#### [What to do]
Look below. Copy each line that has "case" in it.

(Records excerpted from a collection)
++++++

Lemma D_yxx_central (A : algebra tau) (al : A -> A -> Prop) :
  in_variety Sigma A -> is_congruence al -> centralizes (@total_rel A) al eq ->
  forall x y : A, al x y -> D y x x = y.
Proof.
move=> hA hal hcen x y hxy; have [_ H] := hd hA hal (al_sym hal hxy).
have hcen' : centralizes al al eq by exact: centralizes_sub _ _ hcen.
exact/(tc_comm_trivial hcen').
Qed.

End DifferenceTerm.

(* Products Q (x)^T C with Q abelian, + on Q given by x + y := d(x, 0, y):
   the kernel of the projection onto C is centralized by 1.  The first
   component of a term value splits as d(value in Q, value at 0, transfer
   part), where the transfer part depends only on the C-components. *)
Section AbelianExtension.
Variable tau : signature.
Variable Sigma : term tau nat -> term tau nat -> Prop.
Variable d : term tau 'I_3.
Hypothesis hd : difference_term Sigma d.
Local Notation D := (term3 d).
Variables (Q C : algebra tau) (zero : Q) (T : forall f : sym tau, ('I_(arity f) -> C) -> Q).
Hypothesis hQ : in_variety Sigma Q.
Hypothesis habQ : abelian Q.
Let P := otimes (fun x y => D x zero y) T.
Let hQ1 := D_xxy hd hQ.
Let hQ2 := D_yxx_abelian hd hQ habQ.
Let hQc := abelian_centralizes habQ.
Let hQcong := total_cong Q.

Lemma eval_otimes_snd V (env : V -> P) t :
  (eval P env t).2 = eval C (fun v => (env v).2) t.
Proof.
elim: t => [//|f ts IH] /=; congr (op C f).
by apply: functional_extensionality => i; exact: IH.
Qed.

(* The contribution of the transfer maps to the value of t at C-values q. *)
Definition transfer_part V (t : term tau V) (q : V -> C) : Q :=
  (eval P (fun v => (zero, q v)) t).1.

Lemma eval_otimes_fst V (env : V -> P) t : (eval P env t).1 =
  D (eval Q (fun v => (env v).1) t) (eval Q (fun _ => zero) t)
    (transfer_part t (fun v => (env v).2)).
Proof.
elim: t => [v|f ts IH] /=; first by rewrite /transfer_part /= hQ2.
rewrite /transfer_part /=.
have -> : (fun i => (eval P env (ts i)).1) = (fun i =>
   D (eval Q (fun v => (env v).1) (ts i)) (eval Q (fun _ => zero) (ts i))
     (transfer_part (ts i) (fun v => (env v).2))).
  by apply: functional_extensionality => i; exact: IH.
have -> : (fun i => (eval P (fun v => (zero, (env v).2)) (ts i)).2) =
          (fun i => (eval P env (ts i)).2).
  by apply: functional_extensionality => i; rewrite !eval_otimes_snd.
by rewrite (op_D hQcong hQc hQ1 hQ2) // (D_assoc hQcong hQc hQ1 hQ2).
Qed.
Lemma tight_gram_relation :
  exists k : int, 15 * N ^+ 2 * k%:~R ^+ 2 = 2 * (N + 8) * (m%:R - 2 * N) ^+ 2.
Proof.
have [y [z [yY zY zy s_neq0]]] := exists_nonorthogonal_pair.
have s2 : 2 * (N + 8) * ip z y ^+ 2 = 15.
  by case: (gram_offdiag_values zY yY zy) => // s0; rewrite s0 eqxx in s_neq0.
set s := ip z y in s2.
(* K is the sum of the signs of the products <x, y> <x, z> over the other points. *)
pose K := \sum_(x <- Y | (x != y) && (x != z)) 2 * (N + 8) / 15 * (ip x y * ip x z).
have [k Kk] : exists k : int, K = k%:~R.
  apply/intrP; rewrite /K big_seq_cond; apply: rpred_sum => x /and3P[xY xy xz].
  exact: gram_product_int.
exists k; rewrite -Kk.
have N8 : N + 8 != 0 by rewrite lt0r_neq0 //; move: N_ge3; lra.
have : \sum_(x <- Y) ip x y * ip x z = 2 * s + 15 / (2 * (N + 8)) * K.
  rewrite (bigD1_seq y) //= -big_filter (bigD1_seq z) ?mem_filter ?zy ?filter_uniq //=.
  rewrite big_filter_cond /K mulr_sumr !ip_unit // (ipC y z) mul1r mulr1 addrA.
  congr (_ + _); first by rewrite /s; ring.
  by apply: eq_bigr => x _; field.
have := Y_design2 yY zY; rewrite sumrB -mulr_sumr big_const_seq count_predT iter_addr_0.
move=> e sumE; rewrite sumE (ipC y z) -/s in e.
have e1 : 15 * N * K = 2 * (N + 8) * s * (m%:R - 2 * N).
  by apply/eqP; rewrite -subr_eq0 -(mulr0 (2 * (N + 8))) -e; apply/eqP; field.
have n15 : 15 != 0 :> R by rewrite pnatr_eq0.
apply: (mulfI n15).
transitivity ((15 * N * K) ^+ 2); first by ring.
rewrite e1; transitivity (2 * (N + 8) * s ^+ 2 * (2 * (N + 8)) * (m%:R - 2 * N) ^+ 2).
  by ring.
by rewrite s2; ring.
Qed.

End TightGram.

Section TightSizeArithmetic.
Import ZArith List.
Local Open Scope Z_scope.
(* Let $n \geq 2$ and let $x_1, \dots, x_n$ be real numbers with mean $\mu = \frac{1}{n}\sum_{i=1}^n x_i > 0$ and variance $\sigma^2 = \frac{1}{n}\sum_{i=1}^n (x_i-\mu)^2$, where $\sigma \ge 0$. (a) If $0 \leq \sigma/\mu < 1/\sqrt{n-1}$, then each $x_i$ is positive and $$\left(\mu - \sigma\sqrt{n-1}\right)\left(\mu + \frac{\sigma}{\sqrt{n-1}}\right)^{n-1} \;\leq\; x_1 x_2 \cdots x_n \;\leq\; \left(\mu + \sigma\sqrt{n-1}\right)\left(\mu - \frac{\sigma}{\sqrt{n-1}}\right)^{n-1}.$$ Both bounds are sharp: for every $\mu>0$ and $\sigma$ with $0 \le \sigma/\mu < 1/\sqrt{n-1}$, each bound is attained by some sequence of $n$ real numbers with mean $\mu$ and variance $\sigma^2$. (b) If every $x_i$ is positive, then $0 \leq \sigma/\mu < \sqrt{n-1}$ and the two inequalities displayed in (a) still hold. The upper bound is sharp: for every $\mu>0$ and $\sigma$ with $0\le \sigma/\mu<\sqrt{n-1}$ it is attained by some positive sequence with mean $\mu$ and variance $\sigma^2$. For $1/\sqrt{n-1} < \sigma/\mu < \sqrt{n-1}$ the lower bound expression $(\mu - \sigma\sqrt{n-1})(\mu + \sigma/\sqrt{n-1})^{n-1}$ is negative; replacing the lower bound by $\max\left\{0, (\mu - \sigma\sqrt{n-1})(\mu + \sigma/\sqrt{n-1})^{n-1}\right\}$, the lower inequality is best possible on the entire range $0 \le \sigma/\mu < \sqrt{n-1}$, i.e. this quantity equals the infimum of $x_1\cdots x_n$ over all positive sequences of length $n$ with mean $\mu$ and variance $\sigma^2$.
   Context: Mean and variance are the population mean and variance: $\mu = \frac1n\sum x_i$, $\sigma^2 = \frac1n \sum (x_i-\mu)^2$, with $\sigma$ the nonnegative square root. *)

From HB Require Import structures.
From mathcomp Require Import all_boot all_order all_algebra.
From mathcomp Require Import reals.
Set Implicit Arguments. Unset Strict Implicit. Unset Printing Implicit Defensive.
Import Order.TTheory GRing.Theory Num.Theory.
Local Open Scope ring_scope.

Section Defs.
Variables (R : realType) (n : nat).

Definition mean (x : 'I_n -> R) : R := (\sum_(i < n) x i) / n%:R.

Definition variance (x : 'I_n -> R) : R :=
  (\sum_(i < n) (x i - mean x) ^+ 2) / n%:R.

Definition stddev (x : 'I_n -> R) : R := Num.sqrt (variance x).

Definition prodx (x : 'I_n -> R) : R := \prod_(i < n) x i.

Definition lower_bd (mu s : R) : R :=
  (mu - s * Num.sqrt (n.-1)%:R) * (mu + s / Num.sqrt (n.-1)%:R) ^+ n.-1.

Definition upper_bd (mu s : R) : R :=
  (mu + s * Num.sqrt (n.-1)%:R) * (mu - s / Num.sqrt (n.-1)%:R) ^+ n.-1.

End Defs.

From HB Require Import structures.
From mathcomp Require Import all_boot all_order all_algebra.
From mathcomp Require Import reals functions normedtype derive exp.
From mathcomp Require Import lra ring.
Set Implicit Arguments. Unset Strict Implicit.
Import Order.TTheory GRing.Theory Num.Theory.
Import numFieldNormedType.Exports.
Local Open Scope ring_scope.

++++++

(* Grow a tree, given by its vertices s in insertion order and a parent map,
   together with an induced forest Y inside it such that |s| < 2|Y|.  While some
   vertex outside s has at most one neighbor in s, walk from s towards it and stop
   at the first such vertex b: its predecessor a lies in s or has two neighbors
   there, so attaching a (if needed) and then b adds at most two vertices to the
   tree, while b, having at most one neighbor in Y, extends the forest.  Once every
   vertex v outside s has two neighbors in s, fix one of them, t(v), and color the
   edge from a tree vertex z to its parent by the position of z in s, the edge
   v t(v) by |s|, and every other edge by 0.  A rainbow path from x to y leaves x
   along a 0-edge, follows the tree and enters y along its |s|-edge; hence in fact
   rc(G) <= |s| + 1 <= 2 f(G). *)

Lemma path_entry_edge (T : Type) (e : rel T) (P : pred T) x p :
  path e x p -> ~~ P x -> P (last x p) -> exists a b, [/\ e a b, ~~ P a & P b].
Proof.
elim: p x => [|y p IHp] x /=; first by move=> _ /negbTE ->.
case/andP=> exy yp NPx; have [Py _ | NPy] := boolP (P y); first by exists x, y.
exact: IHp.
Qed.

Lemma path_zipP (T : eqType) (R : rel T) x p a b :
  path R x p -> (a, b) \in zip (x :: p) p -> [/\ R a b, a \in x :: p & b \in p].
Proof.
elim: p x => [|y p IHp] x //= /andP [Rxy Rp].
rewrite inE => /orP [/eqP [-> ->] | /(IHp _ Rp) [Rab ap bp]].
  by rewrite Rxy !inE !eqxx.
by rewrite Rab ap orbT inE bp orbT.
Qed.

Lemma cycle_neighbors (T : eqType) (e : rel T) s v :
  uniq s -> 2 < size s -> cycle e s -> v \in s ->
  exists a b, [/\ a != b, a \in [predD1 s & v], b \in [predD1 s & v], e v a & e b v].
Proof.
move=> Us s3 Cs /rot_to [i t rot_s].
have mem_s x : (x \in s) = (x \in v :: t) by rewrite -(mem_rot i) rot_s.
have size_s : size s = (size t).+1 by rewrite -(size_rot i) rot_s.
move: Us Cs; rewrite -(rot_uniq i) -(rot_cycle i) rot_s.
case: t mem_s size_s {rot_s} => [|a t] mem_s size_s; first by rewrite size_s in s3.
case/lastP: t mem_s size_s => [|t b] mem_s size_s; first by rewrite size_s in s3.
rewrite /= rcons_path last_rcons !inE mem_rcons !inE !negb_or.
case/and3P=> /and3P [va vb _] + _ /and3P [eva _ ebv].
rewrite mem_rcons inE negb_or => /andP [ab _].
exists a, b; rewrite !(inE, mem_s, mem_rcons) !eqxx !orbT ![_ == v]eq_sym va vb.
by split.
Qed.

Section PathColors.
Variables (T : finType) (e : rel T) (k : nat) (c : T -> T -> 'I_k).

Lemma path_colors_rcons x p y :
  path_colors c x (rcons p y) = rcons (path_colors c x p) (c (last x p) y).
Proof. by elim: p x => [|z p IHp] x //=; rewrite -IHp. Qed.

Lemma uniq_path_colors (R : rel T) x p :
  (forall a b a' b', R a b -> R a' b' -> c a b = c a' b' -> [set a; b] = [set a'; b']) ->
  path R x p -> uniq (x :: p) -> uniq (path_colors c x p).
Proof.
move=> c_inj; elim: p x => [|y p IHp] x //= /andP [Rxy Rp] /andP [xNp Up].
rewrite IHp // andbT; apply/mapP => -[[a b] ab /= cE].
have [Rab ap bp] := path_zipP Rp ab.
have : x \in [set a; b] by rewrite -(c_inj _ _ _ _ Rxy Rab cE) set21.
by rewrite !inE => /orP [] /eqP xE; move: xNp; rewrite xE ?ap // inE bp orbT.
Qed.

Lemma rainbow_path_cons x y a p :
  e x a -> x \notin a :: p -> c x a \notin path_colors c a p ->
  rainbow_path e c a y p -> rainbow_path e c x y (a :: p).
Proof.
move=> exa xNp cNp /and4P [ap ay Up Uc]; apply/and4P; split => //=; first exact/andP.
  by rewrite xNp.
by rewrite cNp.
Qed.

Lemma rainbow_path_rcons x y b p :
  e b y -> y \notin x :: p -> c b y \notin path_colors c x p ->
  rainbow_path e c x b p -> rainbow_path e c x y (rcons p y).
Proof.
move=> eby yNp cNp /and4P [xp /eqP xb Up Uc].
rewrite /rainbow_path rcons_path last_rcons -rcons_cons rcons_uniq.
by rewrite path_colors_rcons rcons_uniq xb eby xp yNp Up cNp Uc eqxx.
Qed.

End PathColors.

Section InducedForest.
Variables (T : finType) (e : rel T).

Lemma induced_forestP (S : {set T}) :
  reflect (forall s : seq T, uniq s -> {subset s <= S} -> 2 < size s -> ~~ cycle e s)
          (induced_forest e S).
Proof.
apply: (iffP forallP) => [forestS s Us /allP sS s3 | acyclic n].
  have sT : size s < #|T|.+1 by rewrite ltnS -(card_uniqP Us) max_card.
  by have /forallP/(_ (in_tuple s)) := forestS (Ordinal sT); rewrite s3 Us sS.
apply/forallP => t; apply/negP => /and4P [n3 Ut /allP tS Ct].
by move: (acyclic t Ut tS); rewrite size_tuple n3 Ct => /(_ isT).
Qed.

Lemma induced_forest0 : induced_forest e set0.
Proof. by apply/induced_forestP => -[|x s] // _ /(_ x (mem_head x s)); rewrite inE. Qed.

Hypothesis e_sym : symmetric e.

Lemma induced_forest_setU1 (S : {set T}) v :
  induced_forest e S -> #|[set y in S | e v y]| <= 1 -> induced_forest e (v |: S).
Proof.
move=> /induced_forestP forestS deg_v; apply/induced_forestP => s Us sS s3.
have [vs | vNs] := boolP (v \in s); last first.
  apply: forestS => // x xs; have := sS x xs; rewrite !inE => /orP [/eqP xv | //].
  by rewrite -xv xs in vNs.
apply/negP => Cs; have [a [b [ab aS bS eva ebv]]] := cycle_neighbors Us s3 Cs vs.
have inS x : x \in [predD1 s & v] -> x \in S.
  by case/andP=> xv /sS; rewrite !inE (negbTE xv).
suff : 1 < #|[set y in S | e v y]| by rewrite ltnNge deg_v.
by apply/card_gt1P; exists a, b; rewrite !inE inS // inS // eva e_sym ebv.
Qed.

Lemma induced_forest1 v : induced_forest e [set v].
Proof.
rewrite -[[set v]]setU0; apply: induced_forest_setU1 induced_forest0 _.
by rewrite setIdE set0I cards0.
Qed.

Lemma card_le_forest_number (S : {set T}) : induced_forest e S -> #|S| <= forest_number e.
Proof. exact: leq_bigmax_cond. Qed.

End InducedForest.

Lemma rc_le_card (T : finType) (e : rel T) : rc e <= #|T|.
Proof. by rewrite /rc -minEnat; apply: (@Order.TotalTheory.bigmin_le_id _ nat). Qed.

++++++

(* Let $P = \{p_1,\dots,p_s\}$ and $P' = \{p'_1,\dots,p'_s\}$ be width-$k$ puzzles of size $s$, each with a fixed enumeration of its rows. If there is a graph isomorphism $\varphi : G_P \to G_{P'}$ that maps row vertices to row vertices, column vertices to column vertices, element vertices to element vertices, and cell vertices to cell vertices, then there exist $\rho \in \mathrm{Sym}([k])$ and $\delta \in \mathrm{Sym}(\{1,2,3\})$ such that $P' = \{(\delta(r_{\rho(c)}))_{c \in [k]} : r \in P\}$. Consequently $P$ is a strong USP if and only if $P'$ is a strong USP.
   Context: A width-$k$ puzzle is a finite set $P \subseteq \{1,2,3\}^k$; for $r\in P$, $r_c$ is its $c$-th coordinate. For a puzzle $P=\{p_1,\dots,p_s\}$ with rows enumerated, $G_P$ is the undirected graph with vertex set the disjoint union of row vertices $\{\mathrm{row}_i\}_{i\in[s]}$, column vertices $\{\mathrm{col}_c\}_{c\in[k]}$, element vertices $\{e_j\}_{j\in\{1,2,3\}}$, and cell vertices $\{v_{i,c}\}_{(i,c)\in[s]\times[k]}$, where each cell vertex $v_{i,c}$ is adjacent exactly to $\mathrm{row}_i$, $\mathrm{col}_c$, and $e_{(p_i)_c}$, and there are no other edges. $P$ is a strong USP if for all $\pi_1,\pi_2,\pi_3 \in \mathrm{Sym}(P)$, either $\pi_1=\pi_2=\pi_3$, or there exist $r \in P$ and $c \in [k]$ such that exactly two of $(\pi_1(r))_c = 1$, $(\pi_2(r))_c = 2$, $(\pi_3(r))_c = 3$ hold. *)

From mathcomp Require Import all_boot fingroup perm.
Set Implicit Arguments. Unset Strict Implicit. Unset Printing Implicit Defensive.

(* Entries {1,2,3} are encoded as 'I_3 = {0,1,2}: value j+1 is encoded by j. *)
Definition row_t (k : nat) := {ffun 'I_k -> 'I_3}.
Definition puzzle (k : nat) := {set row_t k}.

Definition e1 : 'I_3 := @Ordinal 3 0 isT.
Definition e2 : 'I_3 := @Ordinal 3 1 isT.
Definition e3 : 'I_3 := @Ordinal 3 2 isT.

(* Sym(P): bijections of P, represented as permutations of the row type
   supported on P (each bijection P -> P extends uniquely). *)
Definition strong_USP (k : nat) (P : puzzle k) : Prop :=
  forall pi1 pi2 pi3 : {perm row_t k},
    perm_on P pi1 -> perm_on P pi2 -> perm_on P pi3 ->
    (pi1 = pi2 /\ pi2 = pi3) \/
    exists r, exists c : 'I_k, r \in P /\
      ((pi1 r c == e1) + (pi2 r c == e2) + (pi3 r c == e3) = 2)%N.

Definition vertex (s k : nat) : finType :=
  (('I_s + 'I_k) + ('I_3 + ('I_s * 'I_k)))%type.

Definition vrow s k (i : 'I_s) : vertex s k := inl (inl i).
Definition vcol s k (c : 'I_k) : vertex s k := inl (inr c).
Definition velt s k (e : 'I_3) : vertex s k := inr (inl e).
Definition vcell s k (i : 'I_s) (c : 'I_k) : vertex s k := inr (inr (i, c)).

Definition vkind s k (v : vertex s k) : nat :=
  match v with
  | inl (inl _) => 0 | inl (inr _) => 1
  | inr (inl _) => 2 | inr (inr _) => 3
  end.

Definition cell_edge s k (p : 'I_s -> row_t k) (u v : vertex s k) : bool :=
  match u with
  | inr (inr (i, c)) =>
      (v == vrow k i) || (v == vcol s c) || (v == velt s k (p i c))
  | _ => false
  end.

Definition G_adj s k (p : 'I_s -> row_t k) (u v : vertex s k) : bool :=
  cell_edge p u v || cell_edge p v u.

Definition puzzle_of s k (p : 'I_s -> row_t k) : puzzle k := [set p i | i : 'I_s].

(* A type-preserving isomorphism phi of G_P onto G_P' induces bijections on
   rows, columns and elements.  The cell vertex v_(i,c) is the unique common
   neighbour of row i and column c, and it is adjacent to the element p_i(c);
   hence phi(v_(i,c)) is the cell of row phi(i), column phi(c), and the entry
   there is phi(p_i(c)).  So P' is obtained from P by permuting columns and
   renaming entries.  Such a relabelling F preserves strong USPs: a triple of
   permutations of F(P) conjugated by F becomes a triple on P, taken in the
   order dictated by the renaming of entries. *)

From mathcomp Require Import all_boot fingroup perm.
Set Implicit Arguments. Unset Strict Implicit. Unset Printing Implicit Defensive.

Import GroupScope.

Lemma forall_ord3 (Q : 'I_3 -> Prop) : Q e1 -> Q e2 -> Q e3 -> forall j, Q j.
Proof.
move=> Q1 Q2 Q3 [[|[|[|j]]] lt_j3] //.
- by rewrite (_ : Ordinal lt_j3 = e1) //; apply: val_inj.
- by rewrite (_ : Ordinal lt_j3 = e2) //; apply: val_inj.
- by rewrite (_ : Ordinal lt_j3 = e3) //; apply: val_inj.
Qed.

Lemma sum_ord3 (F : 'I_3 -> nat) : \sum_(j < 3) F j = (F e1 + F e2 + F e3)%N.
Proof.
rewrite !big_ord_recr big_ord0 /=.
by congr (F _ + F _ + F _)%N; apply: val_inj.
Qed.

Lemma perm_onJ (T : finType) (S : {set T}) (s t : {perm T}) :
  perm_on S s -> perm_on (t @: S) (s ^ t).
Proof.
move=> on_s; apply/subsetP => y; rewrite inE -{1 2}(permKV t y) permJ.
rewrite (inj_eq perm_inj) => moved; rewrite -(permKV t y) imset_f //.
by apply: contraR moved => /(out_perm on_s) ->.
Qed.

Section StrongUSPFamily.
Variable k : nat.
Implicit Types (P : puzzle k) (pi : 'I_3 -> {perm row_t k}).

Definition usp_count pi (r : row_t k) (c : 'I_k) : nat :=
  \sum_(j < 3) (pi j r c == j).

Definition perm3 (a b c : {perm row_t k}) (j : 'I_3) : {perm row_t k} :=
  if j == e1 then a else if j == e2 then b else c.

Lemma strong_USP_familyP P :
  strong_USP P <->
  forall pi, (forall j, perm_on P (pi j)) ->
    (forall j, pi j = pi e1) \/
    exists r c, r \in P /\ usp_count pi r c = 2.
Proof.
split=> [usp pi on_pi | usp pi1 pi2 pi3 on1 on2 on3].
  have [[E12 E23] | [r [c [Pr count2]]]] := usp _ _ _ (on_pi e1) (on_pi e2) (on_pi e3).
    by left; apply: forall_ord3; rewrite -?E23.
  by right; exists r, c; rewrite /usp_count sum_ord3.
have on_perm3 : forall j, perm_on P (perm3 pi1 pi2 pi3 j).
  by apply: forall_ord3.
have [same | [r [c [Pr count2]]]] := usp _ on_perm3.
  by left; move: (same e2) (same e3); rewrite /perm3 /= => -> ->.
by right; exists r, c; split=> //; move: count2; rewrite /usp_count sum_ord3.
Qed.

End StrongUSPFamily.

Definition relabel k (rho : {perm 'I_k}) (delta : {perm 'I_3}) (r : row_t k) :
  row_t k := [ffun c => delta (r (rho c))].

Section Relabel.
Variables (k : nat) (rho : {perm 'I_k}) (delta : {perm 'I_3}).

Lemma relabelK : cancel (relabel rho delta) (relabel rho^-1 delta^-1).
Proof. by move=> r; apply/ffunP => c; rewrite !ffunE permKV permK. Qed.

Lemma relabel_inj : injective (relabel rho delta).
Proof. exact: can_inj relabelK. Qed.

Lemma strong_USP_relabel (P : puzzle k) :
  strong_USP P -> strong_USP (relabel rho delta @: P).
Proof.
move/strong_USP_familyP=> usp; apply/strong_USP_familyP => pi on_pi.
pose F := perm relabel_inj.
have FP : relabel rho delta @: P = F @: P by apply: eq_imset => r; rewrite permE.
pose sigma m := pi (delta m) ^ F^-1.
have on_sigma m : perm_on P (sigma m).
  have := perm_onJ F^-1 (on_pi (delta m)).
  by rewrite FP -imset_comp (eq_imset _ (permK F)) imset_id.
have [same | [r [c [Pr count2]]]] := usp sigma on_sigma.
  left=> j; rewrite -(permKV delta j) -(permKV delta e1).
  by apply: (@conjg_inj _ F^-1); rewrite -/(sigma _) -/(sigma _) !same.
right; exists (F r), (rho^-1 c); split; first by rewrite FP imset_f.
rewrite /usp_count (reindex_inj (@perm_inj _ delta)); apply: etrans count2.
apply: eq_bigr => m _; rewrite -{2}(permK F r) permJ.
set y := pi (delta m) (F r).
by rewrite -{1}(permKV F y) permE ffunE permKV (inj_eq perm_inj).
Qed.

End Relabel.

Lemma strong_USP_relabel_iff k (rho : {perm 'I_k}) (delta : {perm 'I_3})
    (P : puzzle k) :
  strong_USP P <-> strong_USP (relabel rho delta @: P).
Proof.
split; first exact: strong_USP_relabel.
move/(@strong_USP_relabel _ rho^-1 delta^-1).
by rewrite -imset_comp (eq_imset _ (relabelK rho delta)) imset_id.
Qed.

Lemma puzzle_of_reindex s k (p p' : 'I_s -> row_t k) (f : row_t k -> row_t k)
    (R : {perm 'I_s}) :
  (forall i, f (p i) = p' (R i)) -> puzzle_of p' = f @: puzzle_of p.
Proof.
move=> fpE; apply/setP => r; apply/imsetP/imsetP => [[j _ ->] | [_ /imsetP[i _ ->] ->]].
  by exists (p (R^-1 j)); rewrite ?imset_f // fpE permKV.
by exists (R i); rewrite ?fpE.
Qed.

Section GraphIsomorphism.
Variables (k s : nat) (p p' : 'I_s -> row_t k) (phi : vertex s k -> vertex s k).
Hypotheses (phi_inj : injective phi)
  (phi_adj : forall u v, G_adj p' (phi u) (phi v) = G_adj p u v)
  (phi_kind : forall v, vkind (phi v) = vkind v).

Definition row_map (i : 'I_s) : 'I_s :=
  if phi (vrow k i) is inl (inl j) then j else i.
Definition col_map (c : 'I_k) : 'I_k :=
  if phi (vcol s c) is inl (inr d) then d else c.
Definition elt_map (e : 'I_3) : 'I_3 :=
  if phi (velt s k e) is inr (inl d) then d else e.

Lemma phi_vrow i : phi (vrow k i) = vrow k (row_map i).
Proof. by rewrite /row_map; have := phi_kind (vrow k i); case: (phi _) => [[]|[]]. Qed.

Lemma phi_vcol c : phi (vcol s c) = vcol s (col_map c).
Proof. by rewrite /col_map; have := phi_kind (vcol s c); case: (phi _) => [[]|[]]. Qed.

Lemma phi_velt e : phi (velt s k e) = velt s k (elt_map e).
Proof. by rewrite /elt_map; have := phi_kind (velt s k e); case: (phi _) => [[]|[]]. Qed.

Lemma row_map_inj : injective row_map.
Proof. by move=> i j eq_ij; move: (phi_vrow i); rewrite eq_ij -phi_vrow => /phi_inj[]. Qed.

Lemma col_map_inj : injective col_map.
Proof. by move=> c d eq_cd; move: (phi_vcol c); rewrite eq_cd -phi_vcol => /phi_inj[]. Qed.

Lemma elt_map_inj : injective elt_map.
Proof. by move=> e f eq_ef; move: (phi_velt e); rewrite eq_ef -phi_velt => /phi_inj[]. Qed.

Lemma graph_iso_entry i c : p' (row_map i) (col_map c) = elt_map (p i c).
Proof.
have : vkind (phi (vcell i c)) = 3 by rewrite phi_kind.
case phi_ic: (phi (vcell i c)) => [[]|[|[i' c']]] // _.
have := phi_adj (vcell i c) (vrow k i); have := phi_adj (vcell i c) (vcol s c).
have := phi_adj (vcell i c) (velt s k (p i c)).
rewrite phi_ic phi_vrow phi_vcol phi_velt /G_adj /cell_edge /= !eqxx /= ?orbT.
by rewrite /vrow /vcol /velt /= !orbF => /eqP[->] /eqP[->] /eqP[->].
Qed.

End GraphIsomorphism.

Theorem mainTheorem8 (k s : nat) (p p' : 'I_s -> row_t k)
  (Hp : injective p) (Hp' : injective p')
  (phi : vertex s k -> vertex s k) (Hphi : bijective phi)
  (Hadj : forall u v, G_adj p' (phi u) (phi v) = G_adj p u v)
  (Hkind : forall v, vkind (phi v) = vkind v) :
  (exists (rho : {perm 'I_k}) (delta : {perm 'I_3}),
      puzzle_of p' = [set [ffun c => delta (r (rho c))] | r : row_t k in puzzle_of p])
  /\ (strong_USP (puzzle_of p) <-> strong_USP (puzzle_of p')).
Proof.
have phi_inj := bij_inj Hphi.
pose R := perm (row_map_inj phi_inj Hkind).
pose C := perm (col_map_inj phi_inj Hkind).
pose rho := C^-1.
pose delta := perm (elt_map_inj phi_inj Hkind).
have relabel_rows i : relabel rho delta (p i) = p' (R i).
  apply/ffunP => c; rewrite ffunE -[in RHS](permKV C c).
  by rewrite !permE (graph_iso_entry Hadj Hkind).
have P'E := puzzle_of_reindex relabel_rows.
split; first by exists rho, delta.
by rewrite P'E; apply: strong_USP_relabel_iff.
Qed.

++++++

#### [Answer to this exercise]
  by case: (gram_offdiag_values zY yY zy) => // s0; rewrite s0 eqxx in s_neq0.
case/andP=> exy yp NPx; have [Py _ | NPy] := boolP (P y); first by exists x, y.
case: t mem_s size_s {rot_s} => [|a t] mem_s size_s; first by rewrite size_s in s3.
case/lastP: t mem_s size_s => [|t b] mem_s size_s; first by rewrite size_s in s3.
case/and3P=> /and3P [va vb _] + _ /and3P [eva _ ebv].
  by case/andP=> xv /sS; rewrite !inE (negbTE xv).
Proof. by rewrite /row_map; have := phi_kind (vrow k i); case: (phi _) => [[]|[]]. Qed.
Proof. by rewrite /col_map; have := phi_kind (vcol s c); case: (phi _) => [[]|[]]. Qed.
Proof. by rewrite /elt_map; have := phi_kind (velt s k e); case: (phi _) => [[]|[]]. Qed.
case phi_ic: (phi (vcell i c)) => [[]|[|[i' c']]] // _.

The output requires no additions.